*EXERCISE DESCRIPTION*:
How many lines in the entries below contain "forall"? Answer with the number only.

[Stored items from a collection]

(* With h = h^* h, the quadratic form of embed i h is a sum over c of
   block-diagonal Gram forms, blocks being the fibres of outside. *)
Lemma embed_psd (C : numClosedFieldType) N n (i : 'I_N) (h : op C n) (v : vec C N) :
  (forall a b, h a b = \sum_c (h c a)^* * h c b) ->
  0 <= \sum_x \sum_y (v x)^* * embed i h x y * v y.
Proof.
move=> h_gram.
pose g c x := h c (restr n i x) * v x.
have -> : \sum_x \sum_y (v x)^* * embed i h x y * v y =
   \sum_c \sum_x \sum_y (if outside n i x == outside n i y then (g c x)^* * g c y else 0).
  transitivity (\sum_x \sum_y \sum_c
      (if outside n i x == outside n i y then (g c x)^* * g c y else 0)).
    apply: eq_bigr => x _; apply: eq_bigr => y _; rewrite embedE.
    case: eqP => _; last by rewrite mulr0 mul0r big1.
    rewrite h_gram mulr_sumr mulr_suml; apply: eq_bigr => c _.
    by rewrite /g rmorphM; ring.
  by under eq_bigr do rewrite exchange_big /=; rewrite exchange_big.
by apply: sumr_ge0 => c _; exact: block_gram_ge0.
Qed.

Lemma local_sum_psd (C : numClosedFieldType) N n (h : op C n) :
  (forall a b, h a b = \sum_c (h c a)^* * h c b) -> psd (local_sum N h).
Proof.
move=> h_gram v; rewrite /local_sum.
have -> : \sum_x \sum_y (v x)^* * (\sum_(i < N) embed i h x y) * v y
    = \sum_(i < N) \sum_x \sum_y (v x)^* * embed i h x y * v y.
  symmetry; rewrite exchange_big /=; apply: eq_bigr => x _.
  rewrite exchange_big /=; apply: eq_bigr => y _.
  by rewrite mulr_sumr mulr_suml.
by apply: sumr_ge0 => i _; exact: embed_psd.
Qed.

(* Up to a permutation of the sites, the part of psi seen by embed i h is
   psi(w, z) with w in the window, and every row of h is orthogonal to it. *)
Lemma embed_sym_kernel (C : numClosedFieldType) N n (i : 'I_N) (h : op C n)
    (psi : vec C N) :
  (n <= N)%N -> sym_state psi -> (forall a b, h a b = (h b a)^*) ->
  (forall a (z : bits (N - n)), \sum_w (psi (glue N w z))^* * h w a = 0) ->
  forall x, apply (embed i h) psi x = 0.
Proof.
move=> le_nN psi_sym h_herm h_cols x.
transitivity (\sum_(y | outside n i y == outside n i x)
                h (restr n i x) (restr n i y) * psi y).
  rewrite /apply [RHS]big_mkcond /=; apply: eq_bigr => y _; rewrite embedE eq_sym.
  by case: eqP => //; rewrite mul0r.
rewrite sum_outside_fiber // -[RHS]conjC0 -[in RHS](h_cols (restr n i x) (outside_bits n i x)).
rewrite rmorph_sum; apply: eq_bigr => w _.
rewrite restr_fill // rmorphM /= conjCK -h_herm mulrC.
by rewrite -(psi_sym (window_rot i)) permute_fill.
Qed.
Theorem proposition3p3 (R : realType) (n : nat)
  (Om G0 : set (hpt R n)) (xi0 : hpt R n) (cv cb : R) :
  open Om -> horiz_bounded Om ->
  open G0 -> econvex G0 -> G0 `<=` Om -> G0 xi0 ->
  cv < cb -> cb <= 0 ->
  let V := slicing_cone G0 xi0 cv cb in
  let r0 := (cb - cv) / diamH (G0 `&` hplane xi0) in
  ball2n (n:=n) r0 `<=` hsubdiff Om V xi0 /\
  (forall p, interior (hsubdiff Om V xi0) p ->
     forall xi, (closure G0 `&` hplane xi0) xi -> xi <> xi0 ->
       V xi0 + hpair p xi xi0 < V xi).
Proof.
move=> _ hbOm oG0 cG0 G0Om G0xi0 cvb cb0 V r0.
have cv0 : cv != 0 by rewrite lt_eqF // (lt_le_trans cvb cb0).
split; first exact: ball_sub_hsubdiff.
move=> p pint xi [_ hxi].
exact: (hsubdiff_interior_lt oG0 cG0 G0Om G0xi0 hbOm cv0 pint hxi).
Qed.
(* Let $I$ be a finite index set of users. For each $i \in I$ let $p_i \in [0,1]$, $\Delta p_i \in \mathbb{R}$ with $p_i - \Delta p_i \in [0,1]$, and $a_i \in [0,1]$. Let $\mathrm{CPA} > 0$ and $\beta > 0$, and define $$J = \{ i \in I : \mathrm{CPA}\, p_i a_i > \beta \Delta p_i \}, \qquad K = \{ i \in I : \mathrm{CPA}\, p_i a_i < \beta \Delta p_i \}.$$ Assume it is not the case that $\mathrm{CPA}\, p_i a_i = \beta \Delta p_i$ for all $i \in I$. Suppose that $\sum_{j \in J} p_j a_j = \sum_{k \in K} p_k a_k$ and that this common value is positive. Define $$\mathscr{C}_1 = \frac{\sum_{j\in J} \beta \Delta p_j}{\sum_{j\in J} p_j a_j}, \qquad \mathscr{C}_2 = \frac{\sum_{k\in K} \mathrm{CPA}\, p_k a_k}{\sum_{k \in K} p_k a_k}.$$ Then $\mathscr{C}_1 < \mathscr{C}_2$.
   Context: Interpretation (real-time bidding for online ads): each $i\in I$ indexes an ad request from a distinct user $u_i$; $p_i$ is the action rate if the advertiser's ad is shown, $p_i-\Delta p_i$ the background action rate if it is not shown, $\Delta p_i$ the AR lift, and $a_i$ the probability that an action from $u_i$ is attributed to the DSP that wins $u_i$. $\mathrm{CPA}$ is the advertiser's cost per action. In pure second-price auctions with no other candidates, $DSP_1$ bids $\mathrm{CPA}\, p_i a_i$ and $DSP_2$ bids $\beta\Delta p_i$; $DSP_1$ wins users in $J$ paying $\beta\Delta p_j$ each, $DSP_2$ wins users in $K$ paying $\mathrm{CPA}\,p_k a_k$ each. The expected attributed actions are $\sum_J p_j a_j$ and $\sum_K p_k a_k$ (assumed equal). $\mathscr{C}_1,\mathscr{C}_2$ are the costs per attributed action of $DSP_1$ and $DSP_2$. The excluded case is $a_i = \frac{\beta}{\mathrm{CPA}}\cdot\frac{\Delta p_i}{p_i}$ for all $i$, i.e. both DSPs always bid the same price. *)

From mathcomp Require Import all_boot all_order all_algebra.
Set Implicit Arguments. Unset Strict Implicit. Unset Printing Implicit Defensive.
Import Order.TTheory GRing.Theory Num.Theory.
Local Open Scope ring_scope.

Definition setJ (R : realFieldType) (I : finType) (CPA beta : R) (p dp a : I -> R) : {set I} :=
  [set i | beta * dp i < CPA * p i * a i].
Definition setK (R : realFieldType) (I : finType) (CPA beta : R) (p dp a : I -> R) : {set I} :=
  [set i | CPA * p i * a i < beta * dp i].

Definition cost1 (R : realFieldType) (I : finType) (CPA beta : R) (p dp a : I -> R) : R :=
  (\sum_(j in setJ CPA beta p dp a) beta * dp j) / (\sum_(j in setJ CPA beta p dp a) p j * a j).
Definition cost2 (R : realFieldType) (I : finType) (CPA beta : R) (p dp a : I -> R) : R :=
  (\sum_(k in setK CPA beta p dp a) CPA * p k * a k) / (\sum_(k in setK CPA beta p dp a) p k * a k).

(** Since [CPA p_k a_k] is proportional to [p_k a_k], DSP_2's cost per
    attributed action is exactly [CPA].  On [J] each payment [beta dp_j] is
    strictly below [CPA p_j a_j], and [J] is nonempty because its attributed
    actions have positive total, so DSP_1's cost per action is below [CPA]. *)

From mathcomp Require Import all_boot all_order all_algebra.
Set Implicit Arguments. Unset Strict Implicit.
Import Order.TTheory GRing.Theory Num.Theory.
Local Open Scope ring_scope.

Section WeightedRatios.
Variables (R : realFieldType) (I : eqType) (r : seq I) (P : pred I).

Lemma sum_scaled_ratio (c : R) (f : I -> R) :
  \sum_(i <- r | P i) f i != 0 ->
  (\sum_(i <- r | P i) c * f i) / \sum_(i <- r | P i) f i = c.
Proof. by move=> nz_f; rewrite -mulr_sumr mulfK. Qed.

Lemma sum_ratio_lt (c : R) (f g : I -> R) :
  0 < \sum_(i <- r | P i) f i ->
  (forall i, P i -> g i < c * f i) ->
  (\sum_(i <- r | P i) g i) / \sum_(i <- r | P i) f i < c.
Proof.
move=> f_gt0 lt_gcf; rewrite ltr_pdivrMr // mulr_sumr.
have hasPr : has P r.
  by apply: contraTT f_gt0 => noP; rewrite big_hasC ?ltxx.
exact: ltr_sum.
Qed.

End WeightedRatios.

Section Costs.
Variables (R : realFieldType) (I : finType) (p dp a : I -> R) (CPA beta : R).

Lemma cost2_eq_CPA :
  \sum_(k in setK CPA beta p dp a) p k * a k != 0 -> cost2 CPA beta p dp a = CPA.
Proof.
move=> nz_K; rewrite /cost2 -[RHS](sum_scaled_ratio CPA nz_K).
by congr (_ / _); apply: eq_bigr => k _; rewrite mulrA.
Qed.

Lemma cost1_lt_CPA :
  0 < \sum_(j in setJ CPA beta p dp a) p j * a j -> cost1 CPA beta p dp a < CPA.
Proof.
move=> J_gt0; apply: sum_ratio_lt => // j.
by rewrite inE mulrA.
Qed.

End Costs.

Theorem theorem4 (R : realFieldType) (I : finType) (p dp a : I -> R) (CPA beta : R)
  (hp : forall i, 0 <= p i <= 1)
  (hdp : forall i, 0 <= p i - dp i <= 1)
  (ha : forall i, 0 <= a i <= 1)
  (hCPA : 0 < CPA) (hbeta : 0 < beta)
  (hnot : ~ (forall i, CPA * p i * a i = beta * dp i))
  (heq : \sum_(j in setJ CPA beta p dp a) p j * a j
         = \sum_(k in setK CPA beta p dp a) p k * a k)
  (hpos : 0 < \sum_(j in setJ CPA beta p dp a) p j * a j) :
  cost1 CPA beta p dp a < cost2 CPA beta p dp a.
Proof.
rewrite cost2_eq_CPA; first exact: cost1_lt_CPA.
by rewrite -heq gt_eqF.
Qed.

*ANSWER FOR THIS EXERCISE*:
12